2013/7/16 Dominik Mostowiec <dominikmostowiec@xxxxxxxxx>:
> Hi,
> I noticed that problem is more frequent at nigth where traffic is smaller.
> Mabye it is caused by scrubbing (multiple scrubbings on one osd) and
> to small "filestore op threads" or something other num threads
> settings in my config:
>         osd heartbeat grace = 15
>         filestore flush min = 0
>         filestore flusher = false
>         filestore fiemap = false
>         filestore op threads = 4
>         filestore queue max ops = 4096
>         filestore queue max bytes = 10485760
>         filestore queue committing max bytes = 10485760
>         osd op threads = 8
>         osd disk threads = 4
>         osd recovery threads = 1
>         osd recovery max active = 1
>         osd recovery op priority = 1
>         osd client op priority = 100
>         osd max backfills = 1
> --
> Regards
> Dominik
>
> 2013/7/4 Dominik Mostowiec <dominikmostowiec@xxxxxxxxx>:
>> I reported bug: http://tracker.ceph.com/issues/5504
>>
>> --
>> Regards
>> Dominik
>>
>> 2013/7/2 Dominik Mostowiec <dominikmostowiec@xxxxxxxxx>:
>>> Hi,
>>> Some osd.87 performance graphs:
>>> https://www.dropbox.com/s/o07wae2041hu06l/osd_87_performance.PNG
>>> After 11.05 I have restarted it.
>>>
>>> Mons .., maybe this is the problem.
>>>
>>> --
>>> Regards
>>> Dominik
>>>
>>> 2013/7/2 Andrey Korolyov <andrey@xxxxxxx>:
>>>> Hi Dominik,
>>>>
>>>> What`s about performance on the osd.87 at this moment, do you have any
>>>> related measurements?
>>>>
>>>> As for mine version of this issue, seems that quorum has some kind of
>>>> degradation over time - when I restarted mons, problem has gone and peering
>>>> time lowered by factor of ten or so.  Also seems that the problem has a
>>>> cumulative origin in the quorum - I did disk replacement over last week and
>>>> every time peering gets worse and worse.  I assume that it`s a time to put
>>>> more or less formalized problems to the bugtracker:
>>>> - such degradation over a time plus stuck placement groups,
>>>> - newer kind of problem related to the epochs too - restarting one mon
>>>> resulting to slight dataplacement change at the moment when _first rebooted_
>>>> monitor came up, not shown up with one hour delays between quorum restart.
>>>>
>>>>
>>>>
>>>>
>>>> On Tue, Jul 2, 2013 at 1:37 PM, Dominik Mostowiec
>>>> <dominikmostowiec@xxxxxxxxx> wrote:
>>>>>
>>>>> Hi,
>>>>> I got it.
>>>>>
>>>>> ceph health details
>>>>> HEALTH_WARN 3 pgs peering; 3 pgs stuck inactive; 5 pgs stuck unclean;
>>>>> recovery 64/38277874 degraded (0.000%)
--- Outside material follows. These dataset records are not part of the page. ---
Lemma Rintegrable_le (f g : T -> R) : measurable_fun setT f -> Rintegrable P g ->
  (forall x, `|f x| <= g x) -> Rintegrable P f.
Proof.
move=> mf ig fg; apply: le_integrable ig => //; first exact/measurable_EFinP.
move=> x _ /=; rewrite lee_fin (ger0_norm (le_trans (normr_ge0 _) (fg x))); exact: fg.
Qed.

Lemma Rintegrable_cst (c : R) : Rintegrable P (fun _ => c).
Proof. exact: finite_measure_integrable_cst. Qed.

Lemma RintegrableD (f g : T -> R) : Rintegrable P f -> Rintegrable P g ->
  Rintegrable P (fun x => f x + g x).
Proof. by move=> fi gi; exact: (integrableD _ fi gi). Qed.

Lemma RintegrableB (f g : T -> R) : Rintegrable P f -> Rintegrable P g ->
  Rintegrable P (fun x => f x - g x).
Proof. by move=> fi gi; exact: (integrableB _ fi gi). Qed.

Lemma RintegrableZl (c : R) (f : T -> R) : Rintegrable P f ->
  Rintegrable P (fun x => c * f x).
Proof. by move=> fi; exact: (integrableZl _ c fi). Qed.

Lemma Rintegrable_sum I (s : seq I) (f : I -> T -> R) :
  (forall i, Rintegrable P (f i)) -> Rintegrable P (fun x => \sum_(i <- s) f i x).
Proof.
move=> fi; have -> : EFin \o (fun x => \sum_(i <- s) f i x) = fun x => \sum_(i <- s) (f i x)%:E.
  by apply/funext => x /=; rewrite sumEFin.
by apply: integrable_sum => // i _; exact: fi.
Qed.

Lemma Rintegrable_bdM (h f : T -> R) (M : R) : measurable_fun setT h ->
  (forall x, `|h x| <= M) -> Rintegrable P f -> Rintegrable P (fun x => h x * f x).
Proof.
move=> mh hM fi; apply: (@Rintegrable_le _ (fun x => M * `|f x|)).
- by apply: measurable_funM => //; case/integrableP: fi => /measurable_EFinP.
- exact/RintegrableZl/integrable_norm.
- by move=> x /=; rewrite normrM ler_wpM2r.
Qed.

Lemma Rintegral_cst_prob (c : R) : E (fun _ => c) = c.
Proof.
rewrite Rintegral_cst // -[RHS]mulr1; congr (_ * _).
by rewrite -[1]/(fine 1%E); congr fine; exact: probability_setT.
Qed.

Lemma Rintegral_sum I (s : seq I) (f : I -> T -> R) :
  (forall i, Rintegrable P (f i)) ->
  E (fun x => \sum_(i <- s) f i x) = \sum_(i <- s) E (f i).
Proof.
move=> fi; elim: s => [|i s IH].
  by under eq_Rintegral do rewrite big_nil; rewrite big_nil Rintegral_cst_prob.
under eq_Rintegral do rewrite big_cons.
by rewrite RintegralD ?IH ?big_cons //; exact: Rintegrable_sum.
Qed.

Lemma integral_EFin (f : T -> R) : Rintegrable P f ->
  (\int[P]_x (f x)%:E)%E = (E f)%:E.
Proof. by move=> fi; rewrite fineK //; exact: integrable_fin_num. Qed.

Lemma normr_Rintegral_bdM (h f : T -> R) (e : R) : measurable_fun setT h ->
  (forall x, `|h x| <= e) -> Rintegrable P f ->
  `|E (fun x => h x * f x)| <= e * E (fun x => `|f x|).
Proof.
move=> mh he fi; have hfi := Rintegrable_bdM mh he fi.
apply: le_trans (le_normr_Rintegral _ hfi) _ => //.
rewrite -RintegralZl //; last exact: integrable_norm.
apply: le_Rintegral => //; first exact: integrable_norm.
  exact/RintegrableZl/integrable_norm.
by move=> x _; rewrite normrM ler_wpM2r.
Qed.

Lemma ge0_integral_not_integrable (f : T -> R) : measurable_fun setT f ->
  (forall x, 0 <= f x) -> ~ Rintegrable P f -> (\int[P]_x (f x)%:E = +oo)%E.
Proof.
move=> mf f0 fNi; apply/eqP; rewrite eq_le leey /= leNgt; apply/negP => fin.
apply: fNi; apply/integrableP; split; first exact/measurable_EFinP.
by under eq_integral do rewrite /= ger0_norm ?f0 //.
Qed.

End Expectation.

Section Staircase.
Variable R : realType.

Lemma sum_ord_ltn n m : \sum_(k < n) ((k < m)%N%:R : R) = (minn m n)%:R.
Proof.
elim: n => [|n IH]; first by rewrite big_ord0 minn0.
rewrite big_ord_recr /= IH -natrD; congr (_%:R).
by case: (ltnP n m) => h /=; lia.
Qed.

(* For [0 <= y <= 1], [stair n y = floor (n y) / n]. *)
Definition stair (n : nat) (y : R) : R :=
  n%:R^-1 * \sum_(k < n) (k.+1%:R / n%:R <= y)%R%:R.

Lemma stair_approx n y : (0 < n)%N -> 0 <= y <= 1 -> 0 <= y - stair n y <= n%:R^-1.
Proof.
move=> n0 /andP [y0 y1]; have n_gt0 : 0 < n%:R :> R by rewrite ltr0n.
set m := Num.truncn (n%:R * y).
have ny0 : 0 <= n%:R * y by rewrite mulr_ge0 // ltW.
have [m_le m_gt] : m%:R <= n%:R * y /\ n%:R * y < m.+1%:R :> R.
  by have /andP [] := truncn_itv ny0.
have mn : (m <= n)%N.
  rewrite truncn_le_nat; apply: (@le_lt_trans _ _ n%:R); last by rewrite ltr_nat.
  by rewrite ler_piMr // ltW.
rewrite /stair (eq_bigr (fun k : 'I_n => ((k < m)%N%:R : R))); last first.
  by move=> k _; rewrite ler_pdivrMr // mulrC truncn_gt_nat.
rewrite sum_ord_ltn (minn_idPl mn); rewrite -natr1 in m_gt.
rewrite subr_ge0 ler_pdivrMl //= lerBlDr -lerBlDl ler_pdivlMl // mulrBr divff ?gt_eqF //.
lra.
Qed.

Lemma stair_indic n y :
  stair n y = n%:R^-1 * \sum_(k < n) \1_(`[(k.+1%:R / n%:R : R), +oo[) y.
Proof.
congr (_ * _); apply: eq_bigr => k _; rewrite indicE.
rewrite (_ : (y \in _) = (k.+1%:R / n%:R <= y)%R) //.
by apply/idP/idP => [/set_mem|h]; [|apply: mem_set]; rewrite /= in_itv /= andbT.
Qed.

Lemma measurable_stair n : measurable_fun setT (stair n).
Proof.
rewrite (funext (@stair_indic n)); apply: measurable_funM => //.
by apply: measurable_sum => k; apply: measurable_indic; exact: measurable_itv.
Qed.

Lemma eq0_le_div_nat (x c : R) : (forall n, (0 < n)%N -> `|x| <= c / n%:R) -> x = 0.
Proof.
move=> xc; apply/normr0_eq0/eqP; rewrite eq_le normr_ge0 andbT.
apply/ler_addgt0Pr => e e0; rewrite add0r.
set n := (Num.truncn (c / e)).+1.
have n_gt0 : 0 < n%:R :> R by rewrite ltr0n.
apply: le_trans (xc n isT) _; rewrite ler_pdivrMr //.
by have := truncnS_gt (c / e); rewrite ltr_pdivrMr // mulrC => /ltW.
Qed.

End Staircase.

Section ConditionalExpectation.
Context dO (Omega : measurableType dO) (R : realType) (P : probability Omega R)
  dT (T : measurableType dT) (X : Omega -> T) (Z : Omega -> R) (tau : T -> R).
Hypotheses (mX : measurable_fun setT X) (Zi : Rintegrable P Z)
  (ce : is_cond_exp P X Z tau).
Local Notation E f := (\int[P]_w f w).

Lemma cond_exp_indic A : measurable A ->
  E (fun w => \1_A (X w) * Z w) = E (fun w => \1_A (X w) * tau (X w)).
Proof.
move=> mA; case: ce => _ _ /(_ A mA) /(congr1 fine) ce_A.
have restrict (f : Omega -> R) :
    E (fun w => \1_A (X w) * f w) = \int[P]_(w in X @^-1` A) f w.
  rewrite [RHS]Rintegral_mkcond; apply: eq_Rintegral => w _.
  rewrite patchE indicE /=; case: (boolP (X w \in A)) => XwA.
    by rewrite mem_set ?mul1r //; exact: set_mem XwA.
  by rewrite memNset ?mul0r // => /mem_set; apply/negP.
by rewrite restrict (restrict (fun w => tau (X w))).
Qed.

Lemma cond_exp_stair (g : T -> R) n : measurable_fun setT g ->
  E (fun w => stair n (g (X w)) * Z w) = E (fun w => stair n (g (X w)) * tau (X w)).
Proof.
move=> mg; pose I (k : 'I_n) := g @^-1` `[(k.+1%:R / n%:R : R), +oo[.
have mI k : measurable (I k).
  by rewrite -[I k]setTI; apply: mg => //; exact: measurable_itv.
have expand f : Rintegrable P f -> E (fun w => stair n (g (X w)) * f w) =
    n%:R^-1 * \sum_(k < n) E (fun w => \1_(I k) (X w) * f w).
  move=> fi; have indic_fi k : Rintegrable P (fun w => \1_(I k) (X w) * f w).
    apply: (@Rintegrable_bdM _ _ _ _ _ _ 1) fi.
      exact/measurableT_comp/mX/measurable_indic.
    by move=> w; rewrite indicE; case: (_ \in _); rewrite ?normr1 ?normr0.
  rewrite -Rintegral_sum // -RintegralZl //; last exact: Rintegrable_sum.
  by apply: eq_Rintegral => w _; rewrite stair_indic -mulrA mulr_suml.
have tauXi : Rintegrable P (fun w => tau (X w)) by case: ce.
by rewrite !expand //; congr (_ * _); apply: eq_bigr => k _; exact: cond_exp_indic.
Qed.

(* The defining identity of [tau], stated for indicators, extends to bounded
   test functions by staircase approximation. *)
Lemma cond_exp_bounded (g : T -> R) : measurable_fun setT g ->
  (forall x, 0 <= g x <= 1) ->
  E (fun w => g (X w) * Z w) = E (fun w => g (X w) * tau (X w)).
Proof.
move=> mg g01; have tauXi : Rintegrable P (fun w => tau (X w)) by case: ce.
apply/eqP; rewrite -subr_eq0; apply/eqP.
apply: (@eq0_le_div_nat _ _ (E (fun w => `|Z w|) + E (fun w => `|tau (X w)|))) => n n0.
pose s w := stair n (g (X w)).
have ms : measurable_fun setT s.
  exact: measurableT_comp (measurable_stair n) (measurableT_comp mg mX).
have mgs : measurable_fun setT (fun w => g (X w) - s w).
  by apply: measurable_funB => //; exact: measurableT_comp.
have n_inv_le1 : n%:R^-1 <= 1 :> R by rewrite invf_le1 ?ltr0n ?ler1n.
have err w : `|g (X w) - s w| <= n%:R^-1.
  by have /andP [s_le s_ge] := stair_approx n0 (g01 (X w)); rewrite ger0_norm.
have s_le1 w : `|s w| <= 1.
  have /andP [s_le s_ge] := stair_approx n0 (g01 (X w)).
  have /andP [g0 g1] := g01 (X w); rewrite /s ler_norml; apply/andP; split; lra.
have split f : Rintegrable P f -> E (fun w => g (X w) * f w) =
    E (fun w => (g (X w) - s w) * f w) + E (fun w => s w * f w).
  move=> fi; rewrite -RintegralD //.
  - by apply: eq_Rintegral => w _; ring.
  - exact: (Rintegrable_bdM mgs err).
  - exact: (Rintegrable_bdM ms s_le1).
rewrite (split Z) // (split _ tauXi) // cond_exp_stair // [Y in _ - Y]addrC addrKA.
rewrite mulrDl ![_ * n%:R^-1]mulrC; apply: le_trans (ler_normB _ _) _.
by apply: lerD; exact: normr_Rintegral_bdM.
Qed.

End ConditionalExpectation.

Section Grid.
Variables (R : realType) (d L : nat) (B : R) (eta : d.-tuple R -> R).
Hypothesis B_ge0 : 0 <= B.

Lemma normr_gridpt_le (l : 'I_(2 * L).+1) : `|gridpt B l| <= B.
Proof.
rewrite /gridpt; have [->|L_neq0] := eqVneq (L%:R : R) 0.
  by rewrite invr0 mulr0 normr0.
have L0 : 0 < L%:R :> R by rewrite lt_def L_neq0 ler0n.
rewrite !normrM normfV (ger0_norm B_ge0) (ger0_norm (ltW L0)).
rewrite ler_pdivrMr // mulrC ler_wpM2l // ler_norml.
have l_le : l%:R <= (2 * L)%:R :> R by rewrite ler_nat -ltnS.
rewrite natrM in l_le; have : 0 <= l%:R :> R by [].
by move=> l_ge; apply/andP; split; lra.
Qed.

Lemma rfun_le (l : 'I_(2 * L).+1) x : rfun B eta l x <= 2 * eta x ^+ 2 + 2 * B ^+ 2.
Proof.
have := normr_gridpt_le l; rewrite /rfun ler_norml => /andP [g1 g2].
have : 0 <= (eta x + gridpt B l) ^+ 2 by exact: sqr_ge0.
nra.
Qed.

Lemma rfun_ge (l : 'I_(2 * L).+1) x : eta x ^+ 2 / 2 - B ^+ 2 <= rfun B eta l x.
Proof.
have := normr_gridpt_le l; rewrite /rfun ler_norml => /andP [g1 g2].
have : 0 <= (eta x - 2 * gridpt B l) ^+ 2 by exact: sqr_ge0.
nra.
Qed.

End Grid.

Lemma cvg_softmax_mean (R : realType) n (beta : R) (a b : 'I_n -> R) (c_ : nat -> R) (c : R) :
  (0 < n)%N -> c_ k @[k --> \oo] --> c ->
  (\sum_l softmax (fun l => beta * (c_ k * a l - b l)) l * a l) @[k --> \oo] -->
  \sum_l softmax (fun l => beta * (c * a l - b l)) l * a l.
Proof.
move=> n0 cc.
have cvg_sum (f : 'I_n -> nat -> R) g : (forall i, f i k @[k --> \oo] --> g i) ->
    (\sum_i f i k) @[k --> \oo] --> \sum_i g i.
  by move=> fg; apply: cvg_big => //; exact: add_continuous.
have cvg_exp i : expR (beta * (c_ k * a i - b i)) @[k --> \oo] --> expR (beta * (c * a i - b i)).
  apply: continuous_cvg; first exact: continuous_expR.
  by apply: cvgMr; apply: cvgB; [exact: cvgMl | exact: cvg_cst].
apply: (cvg_sum) => l; apply: cvgMl; apply: cvgM; first exact: cvg_exp.
by apply: cvgV; [rewrite gt_eqF ?sum_expR_gt0 | exact: cvg_sum].
Qed.

Section FairRegression.
Context (R : realType) (dO : measure_display) (Omega : measurableType dO)
  (P : probability Omega R) (d K L : nat)
  (X : Omega -> d.-tuple R) (S : Omega -> 'I_K)
  (eta : d.-tuple R -> R) (tau : 'I_K -> d.-tuple R -> R)
  (B beta : R) (eps : 'I_K -> R) (Lam V : 'M[R]_((2 * L).+1, K)).
Hypotheses (B_gt0 : 0 < B) (beta_gt0 : 0 < beta)
  (mX : measurable_fun setT X) (meta : measurable_fun setT eta)
  (mS : forall s, measurable (S @^-1` [set s]))
  (pS_pos : forall s, (0 < P (S @^-1` [set s]))%E)
  (ce_tau : forall s, is_cond_exp P X (fun w => (S w == s)%:R) (tau s))
  (Lam_ge0 : forall l s, 0 <= Lam l s) (V_ge0 : forall l s, 0 <= V l s)
  (Fmin : forall Lam' V' : 'M[R]_((2 * L).+1, K),
     (forall l s, 0 <= Lam' l s) -> (forall l s, 0 <= V' l s) ->
     (Fobj P X S eta tau B beta eps Lam V <= Fobj P X S eta tau B beta eps Lam' V')%E).

Local Notation N := (2 * L).+1.
Local Notation E f := (\int[P]_w f w).

Definition dual_score (l : 'I_N) x := \sum_s (Lam l s - V l s) * tfun P S tau s x.
Definition dual_penalty := \sum_(l < N) \sum_s (Lam l s + V l s) * eps s.
Definition ray_score c (l : 'I_N) x := c * dual_score l x - rfun B eta l x.
Definition ray_softmax c x (l : 'I_N) := softmax (fun l => beta * ray_score c l x) l.

Lemma pS_gt0 s : 0 < pS P S s.
Proof.
apply: fine_gt0; rewrite pS_pos /=.
by apply: le_lt_trans (probability_le1 _ (mS s)) _; rewrite ltey.
Qed.

Lemma measurable_tfun s : measurable_fun setT (fun w => tfun P S tau s (X w)).
Proof.
apply: measurable_funB => //; apply: measurable_funM => //.
by apply: measurableT_comp mX; case: (ce_tau s).
Qed.

Lemma measurable_rfun (l : 'I_N) : measurable_fun setT (fun w => rfun B eta l (X w)).
Proof. by apply/measurable_funX/measurable_funB => //; exact: measurableT_comp. Qed.

Lemma measurable_dual_score l : measurable_fun setT (fun w => dual_score l (X w)).
Proof.
apply: measurable_sum => s; apply: measurable_funM => //; exact: measurable_tfun.
Qed.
>>>>> pg 5.df9 is stuck inactive for 138669.746512, current state peering,
>>>>> last acting [87,2,151]
>>>>> pg 5.a82 is stuck inactive for 138638.121867, current state peering,
>>>>> last acting [151,87,42]
>>>>> pg 5.80d is stuck inactive for 138621.069523, current state peering,
>>>>> last acting [151,47,87]
>>>>> pg 5.df9 is stuck unclean for 138669.746761, current state peering,
>>>>> last acting [87,2,151]
>>>>> pg 5.ae2 is stuck unclean for 139479.810499, current state active,
>>>>> last acting [87,151,28]
>>>>> pg 5.7b6 is stuck unclean for 139479.693271, current state active,
>>>>> last acting [87,105,2]
>>>>> pg 5.a82 is stuck unclean for 139479.713859, current state peering,
>>>>> last acting [151,87,42]
>>>>> pg 5.80d is stuck unclean for 139479.800820, current state peering,
>>>>> last acting [151,47,87]
>>>>> pg 5.df9 is peering, acting [87,2,151]
>>>>> pg 5.a82 is peering, acting [151,87,42]
>>>>> pg 5.80d is peering, acting [151,47,87]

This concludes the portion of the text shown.